──────── Records for this task

Lemma digits_valueK (m : 'I_N) : m != t ->
  (digits_value %/ place_value m) %% s m = d m.
Proof.
move=> mt; rewrite /digits_value (bigID (fun j : 'I_N => j < m)) /=.
rewrite [X in _ + X](bigD1 m) /= ?mt ?ltnn //.
set L := \sum_(j < N | _ && (j < m)) _; set H := \sum_(j < N | _) _.
have L_lt : L < place_value m.
  by have := digits_lt_place_value (ltnW (ltn_ord m)); under eq_bigl do rewrite andbC.
have H_dvd : place_value m * s m %| H.
  apply: dvdn_sum => j /andP[/andP[jt jm] jnm].
  apply/dvdn_mull/place_value_mul_dvd => //.
  by rewrite ltn_neqAle leqNgt jm andbT val_eqE eq_sym.
rewrite -(divnK H_dvd); set Q := H %/ _.
rewrite (_ : L + _ = (d m + Q * s m) * place_value m + L); last first.
  by rewrite mulnDl -mulnA [s m * _]mulnC; lia.
rewrite divnMDl ?place_value_gt0 // divn_small // addn0.
by rewrite addnC modnMDl modn_small.
Qed.

End MixedRadix.

Lemma is_derive_big_sum (R : numFieldType) (V W : normedModType R) (I : Type)
    (s : seq I) (h : I -> V -> W) (dh : I -> W) (x v : V) :
  (forall i, is_derive x v (h i) (dh i)) ->
  is_derive x v (fun y => \sum_(i <- s) h i y) (\sum_(i <- s) dh i).
Proof.
move=> hd; rewrite (_ : (fun y => _) = \sum_(i <- s) h i); last first.
  by apply/funext => y; rewrite fct_sumE.
by elim/big_ind2 : _ => // *; [exact: is_derive_cst | exact: is_deriveD].
Qed.

Lemma is_derive_big_prod (R : numFieldType) (V : normedModType R) (I : eqType)
    (s : seq I) (f : I -> V -> R) (df : I -> R) (x v : V) :
  uniq s -> (forall i, is_derive x v (f i) (df i)) ->
  is_derive x v (fun y => \prod_(i <- s) f i y)
    (\sum_(i <- s) df i * \prod_(j <- s | j != i) f j x).
Proof.
move=> s_uniq hd; elim: s s_uniq => [_|a s IH /= /andP[a_s s_uniq]].
  rewrite big_nil (_ : (fun y => _) = cst 1); first exact: is_derive_cst.
  by apply/funext => y; rewrite big_nil.
rewrite (_ : (fun y => _) = f a * (fun y => \prod_(i <- s) f i y)); last first.
  by apply/funext => y; rewrite big_cons.
apply: is_derive_eq; first exact: is_deriveM (hd a) (IH s_uniq).
have neq_a i : i \in s -> a != i by apply: contraTneq => <-.
rewrite big_cons big_cons eqxx /= addrC /GRing.scale /= mulrC; congr (_ * _ + _).
  rewrite big_seq_cond [RHS]big_seq_cond; apply: eq_bigl => j.
  by case: (boolP (j \in s)) => //= /neq_a; rewrite eq_sym => ->.
rewrite big_distrr /= !big_seq; apply: eq_bigr => i /neq_a a_i.
by rewrite big_cons a_i mulrCA.
Qed.

Lemma is_derive1_comp (R : realFieldType) (f g : R -> R) (x df : R) :
  is_derive x 1 f df -> derivable g (f x) 1 ->
  is_derive x 1 (g \o f) (derive1 g (f x) * df).
Proof.
move=> f_df g_der; have f_der : derivable f x 1 by case: f_df.
apply: DeriveDef.
  by apply/derivable1_diffP/differentiable_comp; apply/derivable1_diffP.
by rewrite -derive1E derive1_comp // [f^`()%classic x]derive1E derive_val.
Qed.

Lemma mgetE (R : realType) (m c : nat) (B : 'M[R]_(m, c)) (a : 'I_m) (j : 'I_c) :
  mget B a j = B a j.
Proof. by rewrite /mget (big_pred1 a) // => b; rewrite val_eqE. Qed.

Section PartitionSymmetricCPGradient.
Context {R : realType} {N K r : nat} (sigma : 'I_N -> 'I_K) (Itil : 'I_K -> nat).
Local Notation midx := (midx sigma Itil).
Local Notation tensor := (@tensor R N K sigma Itil).

Lemma tgetE (Y : tensor) (i : midx) : tget Y (fun n => val (i n)) = Y i.
Proof.
rewrite /tget (big_pred1 i) // => i'; apply/forallP/eqP => [i'_i|-> //].
by apply/ffunP => n; apply/val_inj/eqP/i'_i.
Qed.

Section CellPermutation.
Variables (pi : {perm 'I_N}) (pi_sigma : forall n, sigma (pi n) = sigma n).

(* The cast is needed because I_(pi n) = I_n holds only propositionally. *)
Definition perm_midx (i : midx) : midx :=
  [ffun n => cast_ord (congr1 Itil (pi_sigma n)) (i (pi n))].

Lemma perm_midxE (i : midx) n : val (perm_midx i n) = val (i (pi n)).
Proof. by rewrite ffunE. Qed.

Lemma perm_midx_inj : injective perm_midx.
Proof.
move=> i1 i2 /(congr1 (fun i : midx => val (i ((pi^-1)%g _)))) eq12.
by apply/ffunP => n; apply/val_inj; have := eq12 n; rewrite !perm_midxE permKV.
Qed.

Lemma tget_perm (Y : tensor) (i : midx) :
  tget Y (fun n => val (i (pi n))) = Y (perm_midx i).
Proof. by rewrite -tgetE; congr tget; apply/funext => n; rewrite perm_midxE. Qed.

Variable A : forall k : 'I_K, 'M[R]_(Itil k, r).

Lemma prod_perm_midx (P : pred 'I_N) (i : midx) (j : 'I_r) :
  \prod_(n | P n) A (sigma n) (perm_midx i n) j =
  \prod_(n | P ((pi^-1)%g n)) A (sigma n) (i n) j.
Proof.
rewrite [RHS](reindex_inj (@perm_inj _ pi)) /=.
under [RHS]eq_bigl do rewrite permK.
apply: eq_bigr => n _; rewrite -!mgetE perm_midxE.
by rewrite -(pi_sigma n).
Qed.

Lemma cp_model_perm_midx (lam : 'rV[R]_r) (i : midx) :
  cp_model lam A (perm_midx i) = cp_model lam A i.
Proof. by apply: eq_bigr => j _; rewrite prod_perm_midx. Qed.

End CellPermutation.

Lemma partition_symmetricE (Y : tensor) :
  partition_symmetric Y <->
  forall (pi : {perm 'I_N}) (pi_sigma : forall n, sigma (pi n) = sigma n) (i : midx),
    Y (perm_midx pi_sigma i) = Y i.
Proof.
by split=> Y_sym pi pi_sigma i; [rewrite -tget_perm | rewrite tget_perm]; apply: Y_sym.
Qed.

Variable A : forall k : 'I_K, 'M[R]_(Itil k, r).

Lemma grad_tensor_partition_symmetric (l : R -> R -> R) (X : tensor) (lam : 'rV[R]_r) :
  partition_symmetric X -> partition_symmetric (grad_tensor l X lam A).
Proof.
move=> /partition_symmetricE X_sym; apply/partition_symmetricE => pi pi_sigma i.
by rewrite /grad_tensor X_sym cp_model_perm_midx.
Qed.

(* The entry (p, q) of Y_(t) (KR_{j <> t} A_{sigma_j}), summed directly over
   multi-indices instead of matrix columns. *)
Definition mttkrp (Y : tensor) (t : 'I_N) (p : nat) (q : 'I_r) : R :=
  \sum_(i : midx | val (i t) == p) Y i * \prod_(m | m != t) A (sigma m) (i m) q.

Lemma mttkrp_cell_invariant (Y : tensor) (n1 n2 : 'I_N) p q :
  partition_symmetric Y -> sigma n1 = sigma n2 -> mttkrp Y n1 p q = mttkrp Y n2 p q.
Proof.
move=> /partition_symmetricE Y_sym sigma12; set pi := tperm n1 n2.
have pi_sigma n : sigma (pi n) = sigma n.
  by rewrite /pi; case: tpermP => [->|->|]; rewrite ?sigma12.
rewrite /mttkrp [RHS](reindex_inj (perm_midx_inj (pi_sigma:=pi_sigma))) /=.
apply: eq_big => [i|i _]; first by rewrite perm_midxE /pi tpermR.
rewrite Y_sym prod_perm_midx tpermV; congr (_ * _); apply: eq_bigl => m.
by rewrite /pi; case: tpermP => [->|->|/eqP -> /eqP ->]; rewrite ?eqxx ?(eq_sym n1).
Qed.

Section FactorEntry.
Variables (k : 'I_K) (p : 'I_(Itil k)) (q : 'I_r).

Lemma upd_factor_id : upd_factor A p q (A k p q) = A.
Proof.
apply: functional_extensionality_dep => k'; apply/matrixP => a b; rewrite mxE.
case: ifP => // /andP[/andP[/eqP k'k /eqP ap] /eqP ->]; subst k'.
by rewrite (_ : a = p) //; apply: val_inj.
Qed.

Lemma is_derive_upd_factor (k' : 'I_K) (a : 'I_(Itil k')) (b : 'I_r) (x : R) :
  is_derive x 1 (fun t => upd_factor A p q t k' a b)
    (if (k' == k) && (val a == val p) && (b == q) then 1 else 0).
Proof.
rewrite (_ : (fun t => _) = fun t =>
    if (k' == k) && (val a == val p) && (b == q) then t else A k' a b).
  by case: ifP => _; [exact: is_derive_id | exact: is_derive_cst].
by apply/funext => t; rewrite mxE.
Qed.

Lemma is_derive_cp_model (lam : 'rV[R]_r) (i : midx) :
  is_derive (A k p q) 1 (fun t => cp_model lam (upd_factor A p q t) i)
    (lam 0 q * \sum_(n | (sigma n == k) && (val (i n) == val p))
                 \prod_(m | m != n) A (sigma m) (i m) q).
Proof.
apply: is_derive_eq.
  apply: is_derive_big_sum => j; apply: is_deriveZ.
  apply: is_derive_big_prod => [|n]; first exact: index_enum_uniq.
  exact: is_derive_upd_factor.
rewrite (bigD1 q) //= [X in _ + X]big1 ?addr0 => [|j /negbTE jq]; last first.
  by rewrite big1 ?scaler0 // => n _; rewrite jq andbF mul0r.
rewrite upd_factor_id; congr (_ * _); rewrite [RHS]big_mkcond; apply: eq_bigr => n _.
by rewrite eqxx andbT; case: ifP; rewrite ?mul1r ?mul0r.
Qed.

Lemma is_derive_cp_obj (l : R -> R -> R) (l_diff : forall x m, derivable (l x) m 1)
    (X : tensor) (lam : 'rV[R]_r) :
  is_derive (A k p q) 1 (fun t => cp_obj l X lam (upd_factor A p q t))
    (lam 0 q * \sum_(n | sigma n == k) mttkrp (grad_tensor l X lam A) n p q).
Proof.
apply: is_derive_eq.
  apply: is_derive_big_sum => i.
  exact: is_derive1_comp (is_derive_cp_model lam i) (l_diff _ _).
under eq_bigr do rewrite /= upd_factor_id mulrCA big_distrr /=.
rewrite -big_distrr /=; congr (_ * _).
under eq_bigr do rewrite big_mkcondr /=.
rewrite exchange_big /=; apply: eq_bigr => n _; rewrite [RHS]big_mkcond /=.
by apply: eq_bigr => i _.
Qed.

────────────────

**The task:**
Look through the material above. Copy each line where the word "andP" appears.

**Response to the task:**
  apply: dvdn_sum => j /andP[/andP[jt jm] jnm].
move=> s_uniq hd; elim: s s_uniq => [_|a s IH /= /andP[a_s s_uniq]].
case: ifP => // /andP[/andP[/eqP k'k /eqP ap] /eqP ->]; subst k'.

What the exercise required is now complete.